Agreed on the PEX (nitrogen and expansion qualities) and proper insulation (lagging). Water mains are actually ductile iron with a cement lining or concrete and are usually installed well below the frost line. Services are typically copper or ABS however I have seen galvanized ones also.


----------



## The Coastal Craftsman (Jun 29, 2009)

ARI001 said:


> Agreed on the PEX (nitrogen and expansion qualities) and proper insulation (lagging). Water mains are actually ductile iron with a cement lining or concrete and are usually installed well below the frost line. Services are typically copper or ABS however I have seen galvanized ones also.


 
I have no idea why but a lot of older houses in this area have the mains water going to the loft space out of galv pipe then back down to connect to the system. I guess at one time they maybe had storage tanks in the loft like they use in the UK but i aint seen one yet. These are always the pipes that freeze in the winter as no body goes in their lofts and the old galv pipe blows out on every elbow. 

I guess they were set up like this at some point as it's the only explanation i have for the mains water going into the loft before anwhere else.


----------



## DavidC (Feb 16, 2008)

I have pex running underground to my outdoor furnace. The water fill line has a couple of feet that are exposed and it freeze/thaws numerous times each season with no problems. Unless you count it being frozen when I want to use it. I did made a removable section to store inside to counter that. 

Good Luck
Dave


----------



## Matt Weinstein (Nov 20, 2009)

Problems with PEX are well known everywhere with large class action lawsuits against at least a few makers. Zurn and Kitec both have lawsuits against them and there may be more. Google search "Pex Class Action" to see for your self.


----------



## protechplumbing (Oct 10, 2008)

Actually the lawsuits were against the fittings, not the pex pipe.
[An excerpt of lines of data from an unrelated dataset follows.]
(* Let $\alpha=m+n\gamma^{-1}\in\mathbb{Z}[\gamma]$ with $m,n\in\mathbb{Z}$ and $\alpha>0$, and let $\mathbf i=(i_1,\dots,i_s)$ be a representation of $\alpha$. Then $d(\mathbf i)\ge|m|+|n|$, $d_1(\mathbf i)\ge|m|$ and $d_2(\mathbf i)\ge|n|$. If $i_s\le1$ or if $i_1,\dots,i_s$ all have the same parity, then $d(\mathbf i)=|m|+|n|$ and $(d_1(\mathbf i),d_2(\mathbf i))=(|m|,|n|)$; otherwise $d(\mathbf i)>|m|+|n|$ and $(d_1(\mathbf i),d_2(\mathbf i))\neq(|m|,|n|)$. Moreover, $d_2(\mathbf i)>|n|$ whenever $i_1,\dots,i_s$ contains two positive integers of different parity.
   Context: Let $f\colon\mathbb{Z}\to\mathbb{Z}$ be defined by $f(0)=f(1)=1$, $f(i+2)=f(i+1)+f(i)$ for all $i\in\mathbb{Z}$; $\gamma=(1+\sqrt5)/2$; $\mathbb{Z}[\gamma]=\mathbb{Z}\oplus\mathbb{Z}\gamma^{-1}$. A representation of $\alpha\in\mathbb{Z}[\gamma]$ is a finite non-decreasing sequence $\mathbf i=(i_1,\dots,i_s)$ of non-negative integers ($s\ge0$) with $\alpha=\gamma^{-i_1}+\dots+\gamma^{-i_s}$ (empty sum $=0$). For such $\mathbf i$: $d(\mathbf i)=\sum_k f(i_k)$, $d_1(\mathbf i)=\sum_k f(i_k-2)$, $d_2(\mathbf i)=\sum_kf(i_k-1)$. *)

From Stdlib Require Import Reals ZArith List Sorted Arith Lia.
Import ListNotations.
Open Scope R_scope.

Fixpoint fpos (k : nat) : Z :=
  match k with
  | O => 1%Z
  | S O => 1%Z
  | S ((S k') as k1) => (fpos k1 + fpos k')%Z
  end.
They were all isolated events. Kitec and wirsbo were in the Nevada area and the failures were due to yellow brass de-zincification which only happened in that particular water chemistry, no where else.

The zurn suit was due to a bad batch of fittings that zurn cranked out. Poor machining practice caused the rapid stress corrosion cracking within the brass fittings. I won’t make excuses for zurn. Let there quality control slip and they will pay dearly for it now.

Point is, the pex wasn't the problem.


----------



## KillerToiletSpider (May 27, 2007)

ARI001 said:


> Agreed on the PEX (nitrogen and expansion qualities) and proper insulation (lagging). Water mains are actually ductile iron with a cement lining or concrete and are usually installed well below the frost line. Services are typically copper or ABS however I have seen galvanized ones also.


There is no such thing as a Acrylonitrile-Butadiene-Styrene water service.


----------



## ARI001 (Jun 16, 2009)

KillerToiletSpider said:


> There is no such thing as a Acrylonitrile-Butadiene-Styrene water service.


Your right. Polyethylene (sp?)


----------



## protechplumbing (Oct 10, 2008)

If it was blue, black or milky white than yes, polyethylene.


----------



## ARI001 (Jun 16, 2009)

protechplumbing said:


> If it was blue, black or milky white than yes, polyethylene.


All I've ever seen is the black rolls, which is why I mistakenly referred to it as abs. I am aware that it comes in stick form and have seen blue for bypass lines in 6" diameters.


----------